Required work. Only lines with the word "lerp" belong in the answer; copy them from the records below.

Information.
::::::::::
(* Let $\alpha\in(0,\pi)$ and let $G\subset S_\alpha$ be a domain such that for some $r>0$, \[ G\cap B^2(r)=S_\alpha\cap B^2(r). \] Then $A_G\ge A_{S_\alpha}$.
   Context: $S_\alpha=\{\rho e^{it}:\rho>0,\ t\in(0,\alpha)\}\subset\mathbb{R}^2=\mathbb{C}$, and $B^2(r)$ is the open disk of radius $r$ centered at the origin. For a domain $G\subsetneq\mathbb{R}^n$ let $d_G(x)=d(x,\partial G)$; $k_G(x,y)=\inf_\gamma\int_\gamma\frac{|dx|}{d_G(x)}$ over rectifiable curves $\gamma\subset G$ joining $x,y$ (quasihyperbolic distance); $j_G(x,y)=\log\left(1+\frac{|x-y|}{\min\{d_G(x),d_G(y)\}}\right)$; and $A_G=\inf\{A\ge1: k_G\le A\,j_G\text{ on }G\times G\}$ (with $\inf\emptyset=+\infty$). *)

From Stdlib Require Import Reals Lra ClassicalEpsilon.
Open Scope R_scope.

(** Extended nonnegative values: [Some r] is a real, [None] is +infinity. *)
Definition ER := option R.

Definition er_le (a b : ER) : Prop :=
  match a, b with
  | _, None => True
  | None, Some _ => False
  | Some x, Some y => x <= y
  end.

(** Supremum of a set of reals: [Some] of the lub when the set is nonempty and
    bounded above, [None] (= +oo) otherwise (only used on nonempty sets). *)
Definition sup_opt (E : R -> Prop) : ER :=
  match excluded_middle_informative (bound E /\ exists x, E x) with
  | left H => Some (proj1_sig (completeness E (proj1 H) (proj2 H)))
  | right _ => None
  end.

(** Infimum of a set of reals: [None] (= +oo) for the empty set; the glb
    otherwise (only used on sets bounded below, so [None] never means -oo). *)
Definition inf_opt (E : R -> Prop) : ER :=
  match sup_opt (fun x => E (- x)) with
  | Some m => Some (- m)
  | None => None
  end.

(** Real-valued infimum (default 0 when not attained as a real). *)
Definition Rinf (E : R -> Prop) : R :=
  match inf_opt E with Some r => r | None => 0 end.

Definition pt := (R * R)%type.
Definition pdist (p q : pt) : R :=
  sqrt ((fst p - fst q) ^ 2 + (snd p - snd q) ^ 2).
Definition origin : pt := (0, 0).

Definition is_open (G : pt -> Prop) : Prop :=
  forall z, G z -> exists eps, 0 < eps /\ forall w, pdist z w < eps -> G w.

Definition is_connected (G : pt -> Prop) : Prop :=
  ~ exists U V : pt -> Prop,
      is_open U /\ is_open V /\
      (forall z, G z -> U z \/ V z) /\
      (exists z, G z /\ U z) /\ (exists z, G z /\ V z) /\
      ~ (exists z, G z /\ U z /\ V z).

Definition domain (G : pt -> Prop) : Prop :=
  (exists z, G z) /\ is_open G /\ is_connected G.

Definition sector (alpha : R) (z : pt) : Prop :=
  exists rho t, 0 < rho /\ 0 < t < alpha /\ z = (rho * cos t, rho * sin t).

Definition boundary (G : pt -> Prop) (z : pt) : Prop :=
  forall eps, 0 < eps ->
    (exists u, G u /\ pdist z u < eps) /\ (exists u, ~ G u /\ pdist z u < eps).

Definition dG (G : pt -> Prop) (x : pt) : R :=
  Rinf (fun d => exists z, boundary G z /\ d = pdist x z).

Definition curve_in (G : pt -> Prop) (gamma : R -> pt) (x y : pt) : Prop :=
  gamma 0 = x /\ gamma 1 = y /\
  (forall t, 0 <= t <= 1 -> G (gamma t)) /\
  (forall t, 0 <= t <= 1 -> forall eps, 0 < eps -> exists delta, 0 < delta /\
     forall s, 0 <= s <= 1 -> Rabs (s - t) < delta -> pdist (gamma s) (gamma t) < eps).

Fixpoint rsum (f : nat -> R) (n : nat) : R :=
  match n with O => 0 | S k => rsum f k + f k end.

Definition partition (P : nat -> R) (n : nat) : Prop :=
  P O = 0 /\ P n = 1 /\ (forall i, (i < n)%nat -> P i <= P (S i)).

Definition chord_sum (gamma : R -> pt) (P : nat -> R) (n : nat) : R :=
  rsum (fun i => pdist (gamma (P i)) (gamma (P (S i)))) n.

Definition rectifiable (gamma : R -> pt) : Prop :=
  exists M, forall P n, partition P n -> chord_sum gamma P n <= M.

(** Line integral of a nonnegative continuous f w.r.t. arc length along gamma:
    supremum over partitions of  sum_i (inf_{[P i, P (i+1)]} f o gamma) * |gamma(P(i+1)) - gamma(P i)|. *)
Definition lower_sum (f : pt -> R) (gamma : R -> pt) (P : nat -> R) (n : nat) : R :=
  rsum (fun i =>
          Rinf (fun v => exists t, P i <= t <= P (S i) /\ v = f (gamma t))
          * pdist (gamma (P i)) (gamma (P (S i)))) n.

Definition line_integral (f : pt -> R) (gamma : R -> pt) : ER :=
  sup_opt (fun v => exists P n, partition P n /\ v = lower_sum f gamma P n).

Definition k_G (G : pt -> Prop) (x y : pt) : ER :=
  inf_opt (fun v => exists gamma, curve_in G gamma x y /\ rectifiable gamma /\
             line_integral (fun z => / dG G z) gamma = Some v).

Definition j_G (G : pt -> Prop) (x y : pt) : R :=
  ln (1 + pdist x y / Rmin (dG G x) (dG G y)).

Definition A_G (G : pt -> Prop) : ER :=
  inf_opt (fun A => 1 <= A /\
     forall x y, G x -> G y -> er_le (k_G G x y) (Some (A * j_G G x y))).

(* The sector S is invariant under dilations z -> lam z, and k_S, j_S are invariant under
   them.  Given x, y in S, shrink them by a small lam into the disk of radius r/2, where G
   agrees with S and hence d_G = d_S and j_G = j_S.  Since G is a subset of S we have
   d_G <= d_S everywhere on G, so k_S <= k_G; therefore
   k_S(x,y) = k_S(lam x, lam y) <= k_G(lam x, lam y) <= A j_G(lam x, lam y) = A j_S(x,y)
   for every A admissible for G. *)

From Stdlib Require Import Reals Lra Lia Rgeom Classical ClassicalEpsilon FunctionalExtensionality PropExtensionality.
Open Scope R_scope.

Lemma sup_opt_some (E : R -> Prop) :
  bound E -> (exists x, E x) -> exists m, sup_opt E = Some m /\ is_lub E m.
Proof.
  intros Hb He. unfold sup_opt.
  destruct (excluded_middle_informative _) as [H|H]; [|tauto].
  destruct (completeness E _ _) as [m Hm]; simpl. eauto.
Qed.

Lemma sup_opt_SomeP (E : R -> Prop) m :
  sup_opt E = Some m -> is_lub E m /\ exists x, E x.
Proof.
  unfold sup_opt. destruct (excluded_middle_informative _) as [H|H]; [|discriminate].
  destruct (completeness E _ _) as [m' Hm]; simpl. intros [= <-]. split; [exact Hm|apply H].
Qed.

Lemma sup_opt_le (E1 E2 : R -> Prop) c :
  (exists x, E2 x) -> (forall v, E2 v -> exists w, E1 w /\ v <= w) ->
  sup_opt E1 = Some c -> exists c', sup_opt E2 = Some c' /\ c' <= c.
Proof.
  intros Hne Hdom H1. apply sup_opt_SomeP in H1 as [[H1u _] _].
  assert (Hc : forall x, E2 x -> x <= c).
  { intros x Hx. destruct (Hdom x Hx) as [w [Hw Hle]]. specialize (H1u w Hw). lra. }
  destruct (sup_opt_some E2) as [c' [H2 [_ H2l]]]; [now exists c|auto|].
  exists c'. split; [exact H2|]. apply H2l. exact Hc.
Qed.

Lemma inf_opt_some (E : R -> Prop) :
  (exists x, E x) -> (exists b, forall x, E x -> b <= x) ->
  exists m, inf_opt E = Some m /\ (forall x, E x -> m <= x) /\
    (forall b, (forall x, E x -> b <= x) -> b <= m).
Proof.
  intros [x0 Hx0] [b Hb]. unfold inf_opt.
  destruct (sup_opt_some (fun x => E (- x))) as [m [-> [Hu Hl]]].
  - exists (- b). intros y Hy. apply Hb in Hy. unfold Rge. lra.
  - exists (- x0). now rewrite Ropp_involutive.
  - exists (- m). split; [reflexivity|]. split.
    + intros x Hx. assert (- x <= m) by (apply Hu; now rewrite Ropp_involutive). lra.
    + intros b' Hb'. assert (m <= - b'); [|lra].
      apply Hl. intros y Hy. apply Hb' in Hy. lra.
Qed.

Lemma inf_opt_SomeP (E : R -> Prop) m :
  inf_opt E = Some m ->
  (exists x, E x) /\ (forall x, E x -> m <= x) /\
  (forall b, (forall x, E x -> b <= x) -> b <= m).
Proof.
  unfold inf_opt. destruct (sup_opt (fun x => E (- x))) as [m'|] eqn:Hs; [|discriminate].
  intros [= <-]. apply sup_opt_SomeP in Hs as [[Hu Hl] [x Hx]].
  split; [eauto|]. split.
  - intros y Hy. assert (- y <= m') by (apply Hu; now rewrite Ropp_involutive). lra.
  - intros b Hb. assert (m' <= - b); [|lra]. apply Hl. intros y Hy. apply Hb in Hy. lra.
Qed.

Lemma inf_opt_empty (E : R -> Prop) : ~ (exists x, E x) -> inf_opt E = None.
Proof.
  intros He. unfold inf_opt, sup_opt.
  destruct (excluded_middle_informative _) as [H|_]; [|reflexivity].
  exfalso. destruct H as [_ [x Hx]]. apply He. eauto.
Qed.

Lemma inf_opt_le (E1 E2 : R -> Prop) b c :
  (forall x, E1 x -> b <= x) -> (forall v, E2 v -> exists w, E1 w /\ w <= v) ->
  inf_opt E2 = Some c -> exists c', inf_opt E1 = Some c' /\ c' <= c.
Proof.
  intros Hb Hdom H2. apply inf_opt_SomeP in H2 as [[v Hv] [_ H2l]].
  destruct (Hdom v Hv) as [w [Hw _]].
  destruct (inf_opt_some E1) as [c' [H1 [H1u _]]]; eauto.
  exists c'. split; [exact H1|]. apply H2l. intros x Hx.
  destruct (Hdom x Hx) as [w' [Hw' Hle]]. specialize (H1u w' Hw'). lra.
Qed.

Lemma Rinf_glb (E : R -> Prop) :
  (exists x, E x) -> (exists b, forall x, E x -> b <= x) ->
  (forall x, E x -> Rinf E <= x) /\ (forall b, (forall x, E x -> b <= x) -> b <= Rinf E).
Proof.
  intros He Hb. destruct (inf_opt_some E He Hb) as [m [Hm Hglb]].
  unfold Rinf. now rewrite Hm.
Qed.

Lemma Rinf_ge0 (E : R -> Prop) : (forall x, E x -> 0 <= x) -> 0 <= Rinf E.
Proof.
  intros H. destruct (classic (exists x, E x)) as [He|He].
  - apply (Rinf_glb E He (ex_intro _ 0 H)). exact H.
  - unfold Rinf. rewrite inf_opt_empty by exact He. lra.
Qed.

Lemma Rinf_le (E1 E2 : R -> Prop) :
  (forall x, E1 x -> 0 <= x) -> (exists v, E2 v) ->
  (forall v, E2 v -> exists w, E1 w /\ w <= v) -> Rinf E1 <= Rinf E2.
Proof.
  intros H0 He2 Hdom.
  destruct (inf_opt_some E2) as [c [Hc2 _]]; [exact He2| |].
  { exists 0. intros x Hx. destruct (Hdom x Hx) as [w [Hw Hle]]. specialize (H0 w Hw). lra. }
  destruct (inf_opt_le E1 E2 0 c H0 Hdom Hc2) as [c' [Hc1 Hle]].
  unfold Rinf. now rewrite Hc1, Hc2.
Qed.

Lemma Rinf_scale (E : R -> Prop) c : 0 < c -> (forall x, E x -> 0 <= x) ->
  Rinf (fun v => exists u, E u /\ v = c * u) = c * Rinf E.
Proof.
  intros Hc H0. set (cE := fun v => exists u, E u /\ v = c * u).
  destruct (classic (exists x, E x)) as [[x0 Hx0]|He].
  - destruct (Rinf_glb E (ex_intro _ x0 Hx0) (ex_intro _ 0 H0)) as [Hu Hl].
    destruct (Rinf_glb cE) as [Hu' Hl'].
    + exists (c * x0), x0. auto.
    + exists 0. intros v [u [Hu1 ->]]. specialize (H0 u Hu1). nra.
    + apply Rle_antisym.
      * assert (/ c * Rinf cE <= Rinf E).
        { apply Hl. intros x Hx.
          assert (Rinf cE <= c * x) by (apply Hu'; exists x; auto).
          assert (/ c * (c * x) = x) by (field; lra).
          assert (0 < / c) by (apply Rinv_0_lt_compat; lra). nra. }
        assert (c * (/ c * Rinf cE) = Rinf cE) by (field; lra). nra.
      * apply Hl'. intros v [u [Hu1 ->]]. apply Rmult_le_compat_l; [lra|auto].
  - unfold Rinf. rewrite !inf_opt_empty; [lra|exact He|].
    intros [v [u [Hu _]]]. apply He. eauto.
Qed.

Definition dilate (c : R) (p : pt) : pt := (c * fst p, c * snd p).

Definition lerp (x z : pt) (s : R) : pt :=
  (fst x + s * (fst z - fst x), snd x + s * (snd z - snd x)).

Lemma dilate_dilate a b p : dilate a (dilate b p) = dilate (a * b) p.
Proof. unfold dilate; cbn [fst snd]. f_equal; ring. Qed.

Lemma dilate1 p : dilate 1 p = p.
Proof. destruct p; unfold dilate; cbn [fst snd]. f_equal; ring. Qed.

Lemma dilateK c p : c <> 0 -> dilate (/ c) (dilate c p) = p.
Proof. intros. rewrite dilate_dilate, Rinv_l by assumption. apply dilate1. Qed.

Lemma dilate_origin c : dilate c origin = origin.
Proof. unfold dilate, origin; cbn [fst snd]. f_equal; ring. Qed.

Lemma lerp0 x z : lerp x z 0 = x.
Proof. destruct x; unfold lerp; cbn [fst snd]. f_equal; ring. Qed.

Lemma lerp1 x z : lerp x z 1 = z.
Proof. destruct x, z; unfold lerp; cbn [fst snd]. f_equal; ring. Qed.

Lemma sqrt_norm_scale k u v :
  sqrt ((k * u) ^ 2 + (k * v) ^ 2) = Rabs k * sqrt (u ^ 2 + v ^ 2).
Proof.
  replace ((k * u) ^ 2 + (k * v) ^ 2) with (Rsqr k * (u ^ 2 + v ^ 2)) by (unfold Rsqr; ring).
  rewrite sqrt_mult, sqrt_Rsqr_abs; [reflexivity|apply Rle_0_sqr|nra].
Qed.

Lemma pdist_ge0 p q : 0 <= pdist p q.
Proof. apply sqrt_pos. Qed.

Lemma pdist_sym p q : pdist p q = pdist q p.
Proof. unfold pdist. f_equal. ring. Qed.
::::::::::
Task answer.
Definition lerp (x z : pt) (s : R) : pt :=
Lemma lerp0 x z : lerp x z 0 = x.
Proof. destruct x; unfold lerp; cbn [fst snd]. f_equal; ring. Qed.
Lemma lerp1 x z : lerp x z 1 = z.
Proof. destruct x, z; unfold lerp; cbn [fst snd]. f_equal; ring. Qed.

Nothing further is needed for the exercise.